3)     Both of these one-pass algorithms can be implemented by efficient data structures to use a small constant amount of worst-case time per packet.


This paper will be presented at the 10th Annual European Symposium on Algorithms, and will appear in the proceedings of the conference, to be published in Springer-Verlag’s Lecture Notes in Computer Science series.  The paper is available at  We have also prepared a full version of the paper, which includes all details of algorithms and proofs, some of which did not fit in the conference paper above.  This version is a technical report at MIT and will be submitted soon to a journal.  It too can be downloaded from the web, at


We have also begun exploring sources for real-world data to test our algorithms experimentally on actual Internet traffic.  In particular, we have initiated discussions with Mary Ann Ladd, Technical Manager for the Computer Resource Services group at the MIT Lab for Computer Science.  The current proposal is to gather packet headers that pass through the router connecting the MIT Lab for Computer Science to the rest of the Internet, over the course of a day or more.  We have identified the NetFlow system as a candidate approach to collecting this packet data from Cisco routers.

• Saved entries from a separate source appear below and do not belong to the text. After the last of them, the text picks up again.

Lemma nodup_map_iota (A : Type) (f : nat -> A) n :
  (forall i j, i < j -> j < n -> f i <> f j) -> List.NoDup (List.map f (List.seq 0 n)).
Proof.
suff gen a : (forall i j, a <= i -> i < j -> j < a + n -> f i <> f j) ->
             List.NoDup (List.map f (List.seq a n)).
  by move=> Hf; apply: gen => i j _; apply: Hf.
elim: n a => [|n IH] a Hf /=; first exact: List.NoDup_nil.
apply: List.NoDup_cons.
  by case/List.in_map_iff=> k [Ek /List.in_seq Hk]; apply: (Hf a k) => //; lia.
by apply: IH => i j Hi Hij Hj; apply: Hf => //; lia.
Qed.

Lemma list_least (A : Type) (R : A -> A -> Prop) (l : list A) a0 :
  List.In a0 l -> (forall a b, List.In a l -> List.In b l -> R a b \/ R b a) ->
  (forall a b c, R a b -> R b c -> R a c) -> (forall a, R a a) ->
  exists m, List.In m l /\ forall b, List.In b l -> R m b.
Proof.
move=> + total trans refl; elim: l a0 total => [|a l IH] a0 //= total.
case: l IH total => [|b l] IH total _.
  by exists a; split; [left | move=> c [<-|[]]].
have [m [lm mmin]] := IH b (fun x y lx ly => total x y (or_intror lx) (or_intror ly))
                         (or_introl erefl).
have [Ram|Rma] := total a m (or_introl erefl) (or_intror lm).
- by exists a; split=> [|c [<-|lc]]; [left | | apply: trans Ram (mmin c lc)].
- by exists m; split=> [|c [<-|lc]]; [right | | apply: mmin].
Qed.

Section MedianGraph.
Variables (V : Type) (adj : V -> V -> Prop).
Hypothesis HX : median_graph adj.

Lemma adj_sym x y : adj x y -> adj y x. Proof. by case: HX => + _ _ _; apply. Qed.
Lemma adj_irrefl x : ~ adj x x. Proof. by case: HX. Qed.

Lemma walk_cat x y z m n : walk adj x y m -> walk adj y z n -> walk adj x z (m + n).
Proof. by elim=> // a b c k ab _ IH /IH; rewrite addSn; apply: walkS. Qed.

Lemma walk_rcons x y z n : walk adj x y n -> adj y z -> walk adj x z n.+1.
Proof. by move=> xy yz; rewrite -addn1; apply: walk_cat xy (walkS yz (walk0 _ _)). Qed.

Lemma walk_rev x y n : walk adj x y n -> walk adj y x n.
Proof. by elim=> [a|a b c k ab _ IH]; [apply: walk0 | apply: walk_rcons IH (adj_sym ab)]. Qed.

Lemma walk0_eq x y : walk adj x y 0 -> x = y.
Proof. by move=> w; inversion w. Qed.

Lemma walkS_inv x z n : walk adj x z n.+1 -> exists y, adj x y /\ walk adj y z n.
Proof. by move=> w; inversion w; subst; exists y. Qed.

Definition dist x y : nat :=
  let: exist n _ := constructive_indefinite_description _
    (ex_min_nat (match HX with And4 _ _ conn _ => conn x y end)) in n.

Lemma dist_spec x y : is_dist adj x y (dist x y).
Proof. by rewrite /dist; case: constructive_indefinite_description => n []. Qed.

Lemma dist_walk x y : walk adj x y (dist x y). Proof. by case: (dist_spec x y). Qed.
Lemma dist_min x y n : walk adj x y n -> dist x y <= n.
Proof. by case: (dist_spec x y) => _; apply. Qed.

Lemma is_distE x y n : is_dist adj x y n -> n = dist x y.
Proof. by case=> w nmin; have := nmin _ (dist_walk x y); have := dist_min w; lia. Qed.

Research Plan for the Next Six Months


As described above, our current plan is to implement the algorithms and test them on real-world data.  The first step in this regard, currently in progress, is to gather the packet-header data of actual network traffic.  Then we plan to implement the algorithms and run them in an offline manner on this data.  By comparing their estimated statistics with the perfect statistics (which we can compute exactly in this offline scenario), we will evaluate both the practical relevance of our traffic distribution assumptions, as well as how the parameters and worst-case analysis affect the performance in practice.  Our expectations are that our algorithms will handle the true traffic distribution effectively.  We will then see how much space is required to achieve low error rates, and consider the practicality of having this much space in a physical router (the online scenario).  Our expectation from our probabilistic analysis is that little space will be required.


We will also continue to explore the theoretical side, which offers a range of problems relating to network traffic monitoring.  In the context of finding the most frequently occurring elements, the most prominent problem is to determine to what extent randomization and an oblivious adversary can allow us to improve the bounds even for the worst case.  We are working on adapting a similar algorithm to our stochastic algorithm by randomly perturbing the sizes of the rounds.  The idea is that such perturbations prevent the adversary from knowing when the actual samples occur.  The probabilistic analysis of this variant is significantly more complicated, and it remains to be seen how good a bound can be achieved.  We are hopeful that a random perturbation strategy will lead to interesting results in this context.